Give the number of lines in the records below that include "Hfac". Reply with that number alone.

** Source data **
****************************************
Lemma factors_through_of_split_ext (HS : split_short_five C) (HL : has_finite_limits C)
  {K B D S E : C} {q : Hom B D} {s : Hom D B} {k : Hom K B} {j : Hom S E} {f : Hom B E} :
  q \o s = idm D -> is_kernel q k -> is_mono j ->
  factors_through j (f \o s) -> factors_through j (f \o k) -> factors_through j f.
Proof.
  intros Hqs Hk Hj [s' Es] [k' Ek].
  destruct (proj2 HL _ _ _ j f) as [Pb [j1 [j2 Hpb]]].
  destruct (pullback_hom_exists Hpb s' s Es) as [hs [_ Hs]].
  destruct (pullback_hom_exists Hpb k' k Ek) as [hk [_ Hk']].
  destruct (split_ext_mono_iso HS Hqs Hk (pullback_mono Hpb Hj)
              (ex_intro _ hs Hs) (ex_intro _ hk Hk')) as [i [_ Hi]].
  exists (j1 \o i). rewrite comp_assoc, (proj1 Hpb), <- comp_assoc, Hi. apply comp_id_r.
Qed.

Lemma product_exists (HL : has_finite_limits C) (B T : C) :
  exists (PBT : C) (q1 : Hom PBT B) (q2 : Hom PBT T),
    forall (W : C) (u : Hom W B) (v : Hom W T), exists! h, q1 \o h = u /\ q2 \o h = v.
Proof.
  destruct HL as [[tm Htm] Hpb].
  destruct (Htm B) as [tb _]. destruct (Htm T) as [tt _].
  destruct (Hpb _ _ _ tb tt) as [P [p1 [p2 [_ Hu]]]].
  exists P, p1, p2. intros W u v. apply Hu. apply (terminal_hom_eq _ _ Htm).
Qed.

Lemma equalizer_exists (HL : has_finite_limits C) {B T : C} (u v : Hom B T) :
  exists (E : C) (j : Hom E B), u \o j = v \o j /\
    (forall (W : C) (w : Hom W B), u \o w = v \o w -> factors_through j w) /\ is_mono j.
Proof.
  destruct (product_exists HL B T) as [PBT [q1 [q2 Hp]]].
  destruct (Hp B (idm B) u) as [pu [[Pu1 Pu2] _]].
  destruct (Hp B (idm B) v) as [pv [[Pv1 Pv2] _]].
  destruct (proj2 HL _ _ _ pu pv) as [E [e1 [e2 HE]]].
  pose proof (proj1 HE) as Hs.
  assert (E12 : e1 = e2).
  { transitivity (q1 \o (pu \o e1)); [rewrite comp_assoc, Pu1, comp_id_l; reflexivity|].
    rewrite Hs, comp_assoc, Pv1, comp_id_l. reflexivity. }
  subst e2.
  exists E, e1. split; [|split].
  - rewrite <- Pu2, <- Pv2. assoc_r. rewrite Hs. reflexivity.
  - intros W w Hw.
    destruct (pullback_hom_exists HE w w) as [h [H1 _]]; [|exists h; exact H1].
    destruct (Hp W w (u \o w)) as [z [_ Hz]].
    rewrite <- (Hz (pu \o w)), <- (Hz (pv \o w)); auto;
      split; rewrite comp_assoc; first [rewrite Pu1 | rewrite Pu2 | rewrite Pv1 | rewrite Pv2];
      auto using comp_id_l.
  - intros W a b Eab. apply (pullback_hom_eq HE); auto.
Qed.

Lemma split_ext_jointly_epic (HS : split_short_five C) (HL : has_finite_limits C)
  {K B D T : C} {q : Hom B D} {s : Hom D B} {k : Hom K B} {u v : Hom B T} :
  q \o s = idm D -> is_kernel q k -> u \o k = v \o k -> u \o s = v \o s -> u = v.
Proof.
  intros Hqs Hk Ek Es.
  destruct (equalizer_exists HL u v) as [E [j [Hj [Hfac Hm]]]].
  destruct (split_ext_mono_iso HS Hqs Hk Hm (Hfac _ s Es) (Hfac _ k Ek)) as [i [_ Hi]].
  rewrite <- (comp_id_r u), <- (comp_id_r v), <- Hi, !comp_assoc, Hj. reflexivity.
Qed.

Lemma kernel_exists (HP : pointed C) (HL : has_finite_limits C) {A B : C} (f : Hom A B) :
  exists (K : C) (k : Hom K A), is_kernel f k.
Proof.
  destruct HP as [Z HZ]. destruct (proj1 HZ B) as [zb _].
  destruct (proj2 HL _ _ _ f zb) as [K [p1 [p2 Hpb]]].
  exists K, p1. split.
  - rewrite (proj1 Hpb). exists Z, p2, zb. auto.
  - intros T u Hu. destruct (proj2 HZ T) as [tz _].
    destruct (pullback_hom_exists Hpb u tz) as [h [H1 H2]].
    { apply zero_mor_eq; auto. exists Z, tz, zb. auto. }
    exists h. split; auto. intros h' E.
    apply (pullback_hom_eq Hpb); [rewrite E; auto | apply (terminal_hom_eq _ _ (proj2 HZ))].
Qed.

Lemma kernel_pair_coequalizer_factor_mono (HR : regular C) {B D R Q : C}
  {f : Hom B D} {k1 k2 : Hom R B} {q : Hom B Q} {j : Hom Q D} :
  is_pullback f f k1 k2 -> is_coequalizer k1 k2 q -> j \o q = f -> is_mono j.
Proof.
  intros Hker Hq Hjq. destruct HR as [HL [_ Hstable]].
  assert (Rq : regular_epi q) by (exists R, k1, k2; exact Hq).
  destruct (proj2 HL _ _ _ j j) as [L [l1 [l2 HLp]]].
  assert (Hl : l1 = l2).
  { destruct (proj2 HL _ _ _ q l1) as [M [m1 [m2 HM]]].
    destruct (proj2 HL _ _ _ q (l2 \o m2)) as [N [n1 [n2 HN]]].
    assert (Ef : f \o (m1 \o n2) = f \o n1).
    { rewrite <- Hjq. assoc_r. rewrite (proj1 HN), (comp_eq_assoc (proj1 HM)). assoc_r.
      rewrite (comp_eq_assoc (proj1 HLp)). assoc_r. reflexivity. }
    destruct (pullback_hom_exists Hker _ _ Ef) as [w [W1 W2]].
    apply (regular_epi_epi (Hstable _ _ _ _ _ _ _ _ Rq HM)).
    apply (regular_epi_epi (Hstable _ _ _ _ _ _ _ _ Rq HN)). assoc_r.
    transitivity (q \o (m1 \o n2)); [rewrite (comp_eq_assoc (proj1 HM)); assoc_r; reflexivity|].
    rewrite <- W1, (comp_eq_assoc (proj1 Hq)). assoc_r. rewrite W2, (proj1 HN). assoc_r.
    reflexivity. }
  intros T a b E. destruct (pullback_hom_exists HLp a b E) as [h [H1 H2]].
  rewrite <- H1, <- H2, Hl. reflexivity.
Qed.

Lemma extremal_epi_regular (HR : regular C) {B D : C} (f : Hom B D) :
  is_extremal_epi f -> regular_epi f.
Proof.
  intros Hext. pose proof HR as [HL [Hkp _]].
  destruct (proj2 HL _ _ _ f f) as [R [k1 [k2 Hker]]].
  destruct (Hkp _ _ _ _ _ _ Hker) as [Q [q Hq]].
  destruct (proj2 Hq _ f (proj1 Hker)) as [j [Hjq _]].
  pose proof (kernel_pair_coequalizer_factor_mono HR Hker Hq Hjq) as Hj.
  destruct (Hext Q j q Hj (eq_sym Hjq)) as [ji [Hi1 Hi2]].
  exists R, k1, k2. split.
  - rewrite <- Hjq. assoc_r. rewrite (proj1 Hq). reflexivity.
  - intros T u Hu. destruct (proj2 Hq T u Hu) as [t [Ht Htu]].
    exists (t \o ji). split.
    + rewrite <- Hjq. assoc_r. rewrite (comp_eq_assoc Hi1), comp_id_l. exact Ht.
    + intros h' E. assert (Et : t = h' \o j) by (apply Htu; rewrite <- comp_assoc, Hjq; exact E).
      subst t. rewrite <- comp_assoc, Hi2, comp_id_r. reflexivity.
Qed.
****************************************
** Exercise answer **
2